An algorithm for sorting an array of large objects has arrived; can anyone tell me what this algorithm is called? (couldn't find it on google)

I needed to sort a large array of objects and I thought: could there be a way to minimize the number of swaps?

So, I used quicksort (but any other quick view should work here too) to sort the indices to the elements in the array; indices are cheap to exchange. I then used these indices to swap the actual objects back into place. Unfortunately, O (n) extra space is used to store indexes. The code below illustrates the algorithm (which I call IndexSort ), and in my tests seems to be faster than simple sorting for arrays of large objects.

template <class Itr>
void IndexSort(Itr begin, Itr end)
{
    const size_t count = end - begin;

    // Create indices
    vector<size_t> ind(count);
    iota(ind.begin(), ind.end(), 0);

    // Sort indices
    sort(ind.begin(), ind.end(), [&begin] (const size_t i, const size_t j)
    {
        return begin[i] < begin[j];
    });

    // Create indices to indices. This provides
    // constant time search in the next step.
    vector<size_t> ind2(count);
    for(size_t i = 0; i < count; ++i)
        ind2[ind[i]] = i;

    // Swap the objects into their final places
    for(size_t i = 0; i < count; ++i)
    {
        if( ind[i] == i )
            continue;

        swap(begin[i], begin[ind[i]]);

        const size_t j = ind[i];

        swap(ind[i], ind[ind2[i]]);
        swap(ind2[i], ind2[j]);
    }
}

      

Now I have measured swaps (of large objects) done with both quicksort and IndexSort and found that quicksort does a lot more swaps. So I know why IndexSort can be faster.

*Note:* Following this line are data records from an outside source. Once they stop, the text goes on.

(* gcd(q, geom_poly) has a complex root, which is again a primitive n-th root of
   unity, so geom_poly divides q; the degree bound then makes q a constant
   multiple of geom_poly, and q(1) = 0 kills the constant. *)
Lemma rat_poly_prim_root_eq0 (F : numFieldType) n (z : F) (q : {poly rat}) :
  prime n -> n.-primitive_root z ->
  (size q <= n)%N -> root (map_poly ratr q) z -> q.[1] = 0 -> q = 0.
Proof.
move=> pn pz size_q qz q1; set S := geom_poly rat n.
have Sz : root (map_poly (ratr : {rmorphism rat -> F}) S) z.
  by rewrite /root map_geom_poly horner_geom_poly prim_root_geom_sum ?prime_gt1.
have S_neq0 : S != 0 by rewrite -size_poly_eq0 size_geom_poly -lt0n prime_gt0.
set g := gcdp q S.
have gz : root (map_poly (ratr : {rmorphism rat -> F}) g) z by rewrite gcdp_map root_gcd qz Sz.
have : size (map_poly (ratr : {rmorphism rat -> algC}) g) != 1%N.
  rewrite size_map_poly; apply/negP => /size_poly1P [c c_neq0 gE].
  by move: gz; rewrite gE map_polyC /root hornerC fmorph_eq0 (negbTE c_neq0).
case/closed_rootP => w gw.
have Sw : root (map_poly (ratr : {rmorphism rat -> algC}) S) w.
  by apply: root_dvdp gw; rewrite dvdp_map dvdp_gcdr.
have pw : n.-primitive_root w.
  apply: prime_prim_root_geom_sum => //; first by rewrite pnatr_eq0 -lt0n prime_gt0.
  by move: Sw; rewrite map_geom_poly /root horner_geom_poly => /eqP.
have /dvdpP [h qE] : S %| q.
  by apply: dvdp_trans (dvdp_gcdl q S); apply: geom_poly_dvdp_rat gw.
have [h0 | h_neq0] := eqVneq h 0; first by rewrite qE h0 mul0r.
have /size1_polyC hE : (size h <= 1)%N.
  move: size_q; rewrite qE size_mul // size_geom_poly.
  have : size h != 0%N by rewrite size_poly_eq0.
  case: (size h) => // k _; rewrite addSn; lia.
move: q1; rewrite qE hornerM horner_geom_poly hE hornerC.
under eq_bigr do rewrite expr1n.
rewrite sumr_const card_ord mulr_natr => /eqP.
rewrite mulrn_eq0 gtn_eqF ?prime_gt0 //= => /eqP c0.
by move: h_neq0; rewrite hE c0 polyC0 eqxx.
Qed.
(* Let $\Lambda=(W_j,\Lambda_j,v_j)_{j\in\mathbb{J}}$ be a g-fusion frame for $H$ with g-fusion frame operator $S_\Lambda$, let $\mathbb{I}\subseteq\mathbb{J}$, $\mathbb{I}^c=\mathbb{J}\setminus\mathbb{I}$, and for $\mathbb{K}\subseteq\mathbb{J}$ set $S_{\mathbb{K}}f:=\sum_{j\in\mathbb{K}}v_j^2\pi_{W_j}\Lambda_j^*\Lambda_j\pi_{W_j}f$. Then for every $f\in H$, $$\sum_{j\in\mathbb{I}}v_j^2\Vert\Lambda_j\pi_{W_j}f\Vert^2+\Vert S_{\Lambda}^{-\frac{1}{2}}S_{\mathbb{I}^c}f\Vert^2=\sum_{j\in\mathbb{I}^c}v_j^2\Vert\Lambda_j\pi_{W_j}f\Vert^2+\Vert S_{\Lambda}^{-\frac{1}{2}}S_{\mathbb{I}}f\Vert^2.$$
   Context: $H$ is a separable Hilbert space, $\mathbb{J}\subseteq\mathbb{Z}$, $\{H_j\}_{j\in\mathbb{J}}$ are separable Hilbert spaces, $\Lambda_j\in\mathcal{B}(H,H_j)$, $W_j$ are closed subspaces of $H$, $v_j>0$, and $\pi_V$ denotes the orthogonal projection onto a closed subspace $V$. The triple $\Lambda=(W_j,\Lambda_j,v_j)$ is a g-fusion frame for $H$ if there exist $0<A\le B<\infty$ with $A\Vert f\Vert^2\le\sum_{j\in\mathbb{J}}v_j^2\Vert\Lambda_j\pi_{W_j}f\Vert^2\le B\Vert f\Vert^2$ for all $f\in H$. Its g-fusion frame operator $S_\Lambda f=\sum_{j\in\mathbb{J}}v_j^2\pi_{W_j}\Lambda_j^*\Lambda_j\pi_{W_j}f$ is bounded, positive and invertible, and $S_\Lambda^{-1/2}$ is the inverse of its positive square root. *)

From HB Require Import structures.
From mathcomp Require Import all_boot all_order all_algebra.
From mathcomp Require Import reals.
From mathcomp Require Import complex.
From Stdlib Require Import ClassicalEpsilon.

Set Implicit Arguments.
Unset Strict Implicit.
Unset Printing Implicit Defensive.

Import Order.TTheory GRing.Theory Num.Theory.
Local Open Scope ring_scope.

Section Hilbert.
Variable R : realType.
Local Notation C := (complex R).

Section Space.
Variable V : lmodType C.
Variable ip : V -> V -> C.

Definition is_inner_product : Prop :=
  [/\ forall (a : C) (x y z : V), ip (a *: x + y) z = a * ip x z + ip y z,
      forall x y : V, ip y x = conjc (ip x y),
      forall x : V, 0 <= ip x x
    & forall x : V, ip x x = 0 -> x = 0].

Definition hnorm (x : V) : R := Num.sqrt (complex.Re (ip x x)).

Definition cauchy_seq (u : nat -> V) : Prop :=
  forall e : R, 0 < e -> exists N : nat, forall m n : nat,
    (N <= m)%N -> (N <= n)%N -> hnorm (u m - u n) < e.

Definition seq_converges_to (u : nat -> V) (l : V) : Prop :=
  forall e : R, 0 < e -> exists N : nat, forall n : nat,
    (N <= n)%N -> hnorm (u n - l) < e.
Lemma adjoint_KS_separated (u : R -> R -> R) (Hu : smooth2 u) (t x : R) :
  adjoint_KS f g h u (fun t x => K t x * E (u t x)) t x =
  K t x * E (u t x) * ((Derive g (u t x) + h (u t x)) / g (u t x)) *
  KS f g h t x (u t x) (jet_ut u t x) (jet_ux u t x) (jet_uxx u t x).
Proof.
  destruct (smooth2_jets u Hu) as (Ut & Ux & Uxx).
  assert (Inner : forall y, Derive (fun z => - (K t z * E (u t z) * g (u t z))) y =
    - (Kx t y * E (u t y) * g (u t y) - K t y * E (u t y) * h (u t y) * jet_ux u t y)).
  { intros y. compute_Derive (fun z : R => - (K t z * E (u t z) * g (u t z))) y.
    rewrite (Derive_eta _ _ _ (HKx t y)), (Derive_eta _ _ _ (HE _)), (Derive_eta _ _ _ (Ux t y)).
    eta_reduce. field. auto. }
  rewrite adjoint_KS_eq; auto.
  rewrite (Derive_ext (fun y => Derive (fun z : R => - (K t z * E (u t z) * g (u t z))) y) _ x Inner).
  compute_Derive (fun s : R => K s x * E (u s x)) t.
  compute_Derive (fun y : R => K t y * E (u t y) * (- f (u t y) + 2 * h (u t y) * jet_ux u t y)) x.
  compute_Derive (fun y : R => - (Kx t y * E (u t y) * g (u t y)
                                  - K t y * E (u t y) * h (u t y) * jet_ux u t y)) x.
  rewrite (Derive_eta _ _ _ (HKt t x)), (Derive_eta _ _ _ (HKx t x)), (Derive_eta _ _ _ (HKxx t x)),
    (Derive_eta _ _ _ (HE _)), (Derive_eta _ _ _ (Ut t x)), (Derive_eta _ _ _ (Ux t x)),
    (Derive_eta _ _ _ (Uxx t x)), (HK t x (u t x)).
  unfold KS. eta_reduce. field. auto.
Qed.
End Sufficiency.

Section Continuity.
Context {T : UniformSpace}.

Lemma continuous_Rplus (F G : T -> R) p :
  continuous F p -> continuous G p -> continuous (fun q => F q + G q) p.
Proof. intros; apply (continuous_plus F G); auto. Qed.

Lemma continuous_Rmult (F G : T -> R) p :
  continuous F p -> continuous G p -> continuous (fun q => F q * G q) p.
Proof. intros; apply (continuous_mult F G); auto. Qed.

Lemma continuous_comp_derivable (F : T -> R) (φ : R -> R) p :
  continuous F p -> (forall y, ex_derive φ y) -> continuous (fun q => φ (F q)) p.
Proof.
  intros HF Hφ. apply (continuous_comp F φ); auto.
  apply (@ex_derive_continuous R_AbsRing R_NormedModule), Hφ.
Qed.

End Continuity.

Lemma continuous_pair {U V W : UniformSpace} (F : U -> V) (G : U -> W) p :
  continuous F p -> continuous G p -> continuous (fun q => (F q, G q)) p.
Proof.
  intros HF HG. apply (continuous_comp_2 F G pair); auto.
  apply (continuous_ext (fun q => q)); [intros [a b]; reflexivity | apply continuous_id].
Qed.

Lemma continuous_fst_at {U V : UniformSpace} (p : U * V) : continuous fst p.
Proof. destruct p; apply continuous_fst. Qed.

Lemma continuous_snd_at {U V : UniformSpace} (p : U * V) : continuous snd p.
Proof. destruct p; apply continuous_snd. Qed.

Definition quad (A B C D s y : R) : R := A + B * s + C * y + D * y ^ 2.

Lemma quad_dt A B C D s y : is_derive (fun s : R => quad A B C D s y) s B.
Proof. unfold quad. auto_derive; auto; ring. Qed.

Lemma quad_dx A B C D s y : is_derive (fun y : R => quad A B C D s y) y (C + 2 * D * y).
Proof. unfold quad. auto_derive; auto; ring. Qed.

Lemma smooth2_quad A B C D : smooth2 (quad A B C D).
Proof.
  intros l. assert (Hl : exists A' B' C' D', iterD2 l (quad A B C D) = quad A' B' C' D').
  { induction l as [|[|i] l (A' & B' & C' & D' & IH)]; [now exists A, B, C, D| |];
      simpl; rewrite IH; [exists B', 0, 0, 0 | exists C', 0, (2 * D'), 0];
      do 2 (apply functional_extensionality; intro); simpl.
    - rewrite (is_derive_unique _ _ _ (quad_dt _ _ _ _ _ _)). unfold quad; ring.
    - rewrite (is_derive_unique _ _ _ (quad_dx _ _ _ _ _ _)). unfold quad; ring. }
  destruct Hl as (A' & B' & C' & D' & ->). split.
  - intros t x; split; eexists; [apply quad_dt | apply quad_dx].
  - intros t x. unfold quad.
    apply continuous_Rplus; [apply continuous_Rplus|].
    + apply (continuous_comp_derivable fst (fun s => A' + B' * s)); [apply continuous_fst_at|].
      intros; auto_derive; auto.
    + apply (continuous_comp_derivable snd (fun y => C' * y)); [apply continuous_snd_at|].
      intros; auto_derive; auto.
    + apply (continuous_comp_derivable snd (fun y => D' * y ^ 2)); [apply continuous_snd_at|].
      intros; auto_derive; auto.
Qed.

(* The three families of the theorem are instances; the family is closed under d/dt, d/dx. *)
Definition ansatz (a q p m n c t x : R) : R := p * exp (a * x + q * t) + m * x + n * t + c.

Lemma ansatz_dt a q p m n c t x :
  is_derive (fun s : R => ansatz a q p m n c s x) t (ansatz a q (p * q) 0 0 n t x).
Proof. unfold ansatz. auto_derive; auto; ring. Qed.

Lemma ansatz_dx a q p m n c t x :
  is_derive (fun y : R => ansatz a q p m n c t y) x (ansatz a q (p * a) 0 0 m t x).
Proof. unfold ansatz. auto_derive; auto; ring. Qed.

Lemma continuous_ansatz a q p m n c z :
  continuous (fun z : R * R => ansatz a q p m n c (fst z) (snd z)) z.
Proof.
  assert (Hlin : forall (k : R) (F : R * R -> R), continuous F z -> continuous (fun z => k * F z) z).
  { intros k F HF. apply (continuous_comp_derivable F (fun y => k * y)); auto.
    intros; auto_derive; auto. }
  unfold ansatz. repeat apply continuous_Rplus; try apply continuous_const;
    try (apply Hlin; first [apply continuous_fst_at | apply continuous_snd_at]).
  apply Hlin, (continuous_comp_derivable _ exp); [|intros; auto_derive; auto].
  apply continuous_Rplus; apply Hlin; first [apply continuous_fst_at | apply continuous_snd_at].
Qed.

Lemma smooth3_ansatz_mult (E : R -> R) a q p m n c :
  smooth1 E -> smooth3 (fun t x w => ansatz a q p m n c t x * E w).
Proof.
  intros HE l.
  assert (Hl : exists p' m' n' c' k, iterD3 l (fun t x w => ansatz a q p m n c t x * E w)
                 = fun t x w => ansatz a q p' m' n' c' t x * Derive_n E k w).
  { induction l as [|i l (p' & m' & n' & c' & k & IH)]; [now exists p, m, n, c, 0%nat|].
    simpl; rewrite IH. destruct i as [|[|i]];
      [exists (p' * q), 0, 0, n', k | exists (p' * a), 0, 0, m', k | exists p', m', n', c', (S k)];
      do 3 (apply functional_extensionality; intro); simpl; rewrite ?Derive_scal_l, ?Derive_scal.
    - rewrite (is_derive_unique _ _ _ (ansatz_dt _ _ _ _ _ _ _ _)). ring.
    - rewrite (is_derive_unique _ _ _ (ansatz_dx _ _ _ _ _ _ _ _)). ring.
    - reflexivity. }
  destruct Hl as (p' & m' & n' & c' & k & ->). split.
  - intros t x w. unfold ansatz. split; [|split]; auto_derive; auto.
  - intros t x w. apply continuous_Rmult.
    + apply (continuous_comp fst (fun z => ansatz a q p' m' n' c' (fst z) (snd z))).
      * apply continuous_fst_at.
      * apply continuous_ansatz.
    + apply (continuous_comp_derivable snd), HE. apply continuous_snd_at.
Qed.

Lemma nsa_substitution_ansatz (f g h P : R -> R) (a q p m n c : R) :
  smooth1 f -> smooth1 g -> smooth1 h -> (forall w, g w <> 0) ->
  (forall w, is_derive P w ((Derive g w + h w) / g w)) ->
  (forall w, p * (q - f w * a + g w * a ^ 2) = 0) -> (forall w, n = f w * m) ->
  (exists t x, ansatz a q p m n c t x <> 0) ->
  nsa_substitution f g h (fun t x w => ansatz a q p m n c t x * exp (- P w)).
Proof.
  intros Hf Hg Hh Hg0 HP Hexp Hlin (t0 & x0 & Hnz).
  split; [|split].
  - apply smooth3_ansatz_mult, (smooth1_exp_opp_integral g h); auto.
  - exists t0, x0, 0. apply Rmult_integral_contrapositive; split; auto.
    apply Rgt_not_eq, exp_pos.
  - exists (fun t x w _ _ _ => ansatz a q p m n c t x * exp (- P w) * ((Derive g w + h w) / g w)).
    intros u Hu t x.
    apply (adjoint_KS_separated f g h (fun w => exp (- P w)) (ansatz a q p m n c)
             (ansatz a q (p * q) 0 0 n) (ansatz a q (p * a) 0 0 m) (ansatz a q (p * a * a) 0 0 0));
      auto using ansatz_dt, ansatz_dx, smooth1_ex_derive.
    + intros w. specialize (HP w). auto_derive; [exists ((Derive g w + h w) / g w); auto|].
      rewrite (Derive_eta _ _ _ HP). ring.
    + intros t' x' w. unfold ansatz. rewrite (Hlin w). apply Rminus_diag_uniq.
      transitivity (exp (a * x' + q * t') * (p * (q - f w * a + g w * a ^ 2))); [ring|].
      rewrite Hexp. ring.
Qed.

(** * Necessity *)

Lemma is_derive_comp_2d (F Fy Fz : R -> R -> R) (a b : R -> R) (s da db : R) :
  (forall y z, is_derive (fun y' : R => F y' z) y (Fy y z)) ->
  (forall y z, is_derive (fun z' : R => F y z') z (Fz y z)) ->
  continuous (fun p : R * R => Fy (fst p) (snd p)) (a s, b s) ->
  is_derive a s da -> is_derive b s db ->
  is_derive (fun s => F (a s) (b s)) s (Fy (a s) (b s) * da + Fz (a s) (b s) * db).
Proof.
  intros HFy HFz HC Ha Hb.
  apply is_derive_Reals, derivable_pt_lim_comp_2d; [|apply is_derive_Reals; auto..].
  apply filterdiff_differentiable_pt_lim, is_derive_filterdiff; auto.
  apply filter_forall; intros; apply HFy.
Qed.

Definition along (φ : R -> R -> R -> R) (u : R -> R -> R) (t x : R) : R := φ t x (u t x).

Section Along.
Variables (φ : R -> R -> R -> R) (u : R -> R -> R).
Hypothesis Hφ : smooth3 φ.

Lemma is_derive_along_t l t x dv :
  is_derive (fun s : R => u s x) t dv ->
  is_derive (fun s : R => along (iterD3 l φ) u s x) t
    (along (iterD3 (0%nat :: l) φ) u t x + along (iterD3 (2%nat :: l) φ) u t x * dv).
Proof.
  intros Hu. unfold along. rewrite <- (Rmult_1_r (iterD3 (0%nat :: l) φ t x (u t x))).
  apply (is_derive_comp_2d (fun s z => iterD3 l φ s x z) (fun s => iterD3 (0%nat :: l) φ s x)
           (fun s => iterD3 (2%nat :: l) φ s x) (fun s => s) (fun s => u s x));
    auto using is_derive_id.
  - intros s z; apply Derive_correct, (proj1 (Hφ l) s x z).
  - intros s z; apply Derive_correct, (proj1 (Hφ l) s x z).
  - apply (continuous_comp (fun p : R * R => (fst p, x, snd p))
             (fun p => iterD3 (0%nat :: l) φ (fst (fst p)) (snd (fst p)) (snd p))).
    + repeat apply continuous_pair; auto using continuous_const, continuous_fst_at, continuous_snd_at.
    + apply (Hφ (0%nat :: l)).
Qed.

Lemma is_derive_along_x l t x dv :
  is_derive (fun y : R => u t y) x dv ->
  is_derive (fun y : R => along (iterD3 l φ) u t y) x
    (along (iterD3 (1%nat :: l) φ) u t x + along (iterD3 (2%nat :: l) φ) u t x * dv).
Proof.
  intros Hu. unfold along. rewrite <- (Rmult_1_r (iterD3 (1%nat :: l) φ t x (u t x))).
  apply (is_derive_comp_2d (fun y z => iterD3 l φ t y z) (iterD3 (1%nat :: l) φ t)
           (iterD3 (2%nat :: l) φ t) (fun y => y) (fun y => u t y)); auto using is_derive_id.
  - intros y z; apply Derive_correct, (proj1 (Hφ l) t y z).
  - intros y z; apply Derive_correct, (proj1 (Hφ l) t y z).
  - apply (continuous_comp (fun p : R * R => (t, fst p, snd p))
             (fun p => iterD3 (1%nat :: l) φ (fst (fst p)) (snd (fst p)) (snd p))).
    + repeat apply continuous_pair; auto using continuous_const, continuous_fst_at, continuous_snd_at.
    + apply (Hφ (1%nat :: l)).
Qed.

End Along.

(* Otherwise [auto_derive] unfolds [pd3 i φ] inside the functions it differentiates. *)
#[local] Arguments pd3 : simpl never.

Lemma adjoint_KS_along_stationary (f g h : R -> R) (φ : R -> R -> R -> R) (u : R -> R -> R)
    (t x : R) :
  smooth1 f -> smooth1 g -> smooth1 h -> smooth3 φ -> smooth2 u -> jet_ux u t x = 0 ->
  adjoint_KS f g h u (along φ u) t x =
  - pd3 0 φ t x (u t x) + f (u t x) * pd3 1 φ t x (u t x)
  - g (u t x) * pd3 1 (pd3 1 φ) t x (u t x)
  - (jet_ut u t x + jet_uxx u t x * g (u t x)) * pd3 2 φ t x (u t x)
  - 2 * jet_uxx u t x * (Derive g (u t x) + h (u t x)) * φ t x (u t x).
Proof.
  intros Hf Hg Hh Hφ Hu Hux0.
  destruct (smooth2_jets u Hu) as (Ut & Ux & Uxx).
  assert (Df := smooth1_ex_derive f Hf). assert (Dg := smooth1_ex_derive g Hg).
  assert (Dh := smooth1_ex_derive h Hh).
  assert (Dg' : forall w, ex_derive (Derive g) w) by apply (Hg 1%nat).
  assert (Nt := is_derive_along_t φ u Hφ nil t x _ (Ut t x)).
  assert (N0 : forall y, is_derive (fun y : R => along φ u t y) y
                 (along (pd3 1 φ) u t y + along (pd3 2 φ) u t y * jet_ux u t y))
    by exact (fun y => is_derive_along_x φ u Hφ nil t y _ (Ux t y)).
  assert (N1 := fun y => is_derive_along_x φ u Hφ (1%nat :: nil) t y _ (Ux t y)).
  assert (N2 := fun y => is_derive_along_x φ u Hφ (2%nat :: nil) t y _ (Ux t y)).
  cbn [iterD3] in Nt, N1, N2.
  assert (Inner : forall y, Derive (fun z => - (along φ u t z * g (u t z))) y =
    - ((along (pd3 1 φ) u t y + along (pd3 2 φ) u t y * jet_ux u t y) * g (u t y)
       + along φ u t y * (jet_ux u t y * Derive g (u t y)))).
  { intros y. compute_Derive (fun z : R => - (along φ u t z * g (u t z))) y.
    rewrite (Derive_eta _ _ _ (N0 y)), (Derive_eta _ _ _ (Ux t y)). eta_reduce. ring. }
  rewrite adjoint_KS_eq; auto.
  rewrite (Derive_ext (fun y => Derive (fun z : R => - (along φ u t z * g (u t z))) y) _ x Inner).
  rewrite (Derive_eta _ _ _ Nt).
  compute_Derive (fun y : R => along φ u t y * (- f (u t y) + 2 * h (u t y) * jet_ux u t y)) x.
  compute_Derive (fun y : R => - ((along (pd3 1 φ) u t y + along (pd3 2 φ) u t y * jet_ux u t y)
                                  * g (u t y) + along φ u t y * (jet_ux u t y * Derive g (u t y)))) x.
  rewrite (Derive_eta _ _ _ (N0 x)), (Derive_eta _ _ _ (N1 x)), (Derive_eta _ _ _ (N2 x)),
    (Derive_eta _ _ _ (Ux t x)), (Derive_eta _ _ _ (Uxx t x)), Hux0.
  unfold along, pd3. eta_reduce. ring.
Qed.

But can someone with more academic background explain why / how this algorithm actually works? (this is not intuitive to me, although I somehow came up with it).

Thank!

Edit: The following code was used to check the IndexSort results

// A class whose objects will be large
struct A
{
    int id;
    char data[1024];

    // Use the id to compare less than ordering (for simplicity)
    bool operator < (const A &other) const
    {
        return id < other.id;
    }

    // Copy assign all data from another object
    void operator = (const A &other)
    {
        memcpy(this, &other, sizeof(A));
    }
};

int main()
{
    const size_t arrSize = 1000000;

    // Create an array of objects to be sorted
    vector<A> randArray(arrSize);
    for( auto &item: randArray )
        item.id = rand();

    // arr1 will be sorted using quicksort
    vector<A> arr1(arrSize);
    copy(randArray.begin(), randArray.end(), arr1.begin());

    // arr2 will be sorted using IndexSort
    vector<A> arr2(arrSize);
    copy(randArray.begin(), randArray.end(), arr2.begin());

    {
        // Measure time for this
        sort(arr1.begin(), arr1.end());
    }

    {
        // Measure time for this
        IndexSort(arr2.begin(), arr2.end());
    }

    // Check if IndexSort yielded the same result as quicksort
    if( memcmp(arr1.data(), arr2.data(), sizeof(A) * arr1.size()) != 0 )
        cout << "sort failed" << endl;

    return 0;
}

      

Edit: Made the test less pathological; reduced the size of the large object class to 1,024 bytes (plus one int) and increased the number of objects to be sorted to a million. This still makes IndexSort significantly faster than quicksort.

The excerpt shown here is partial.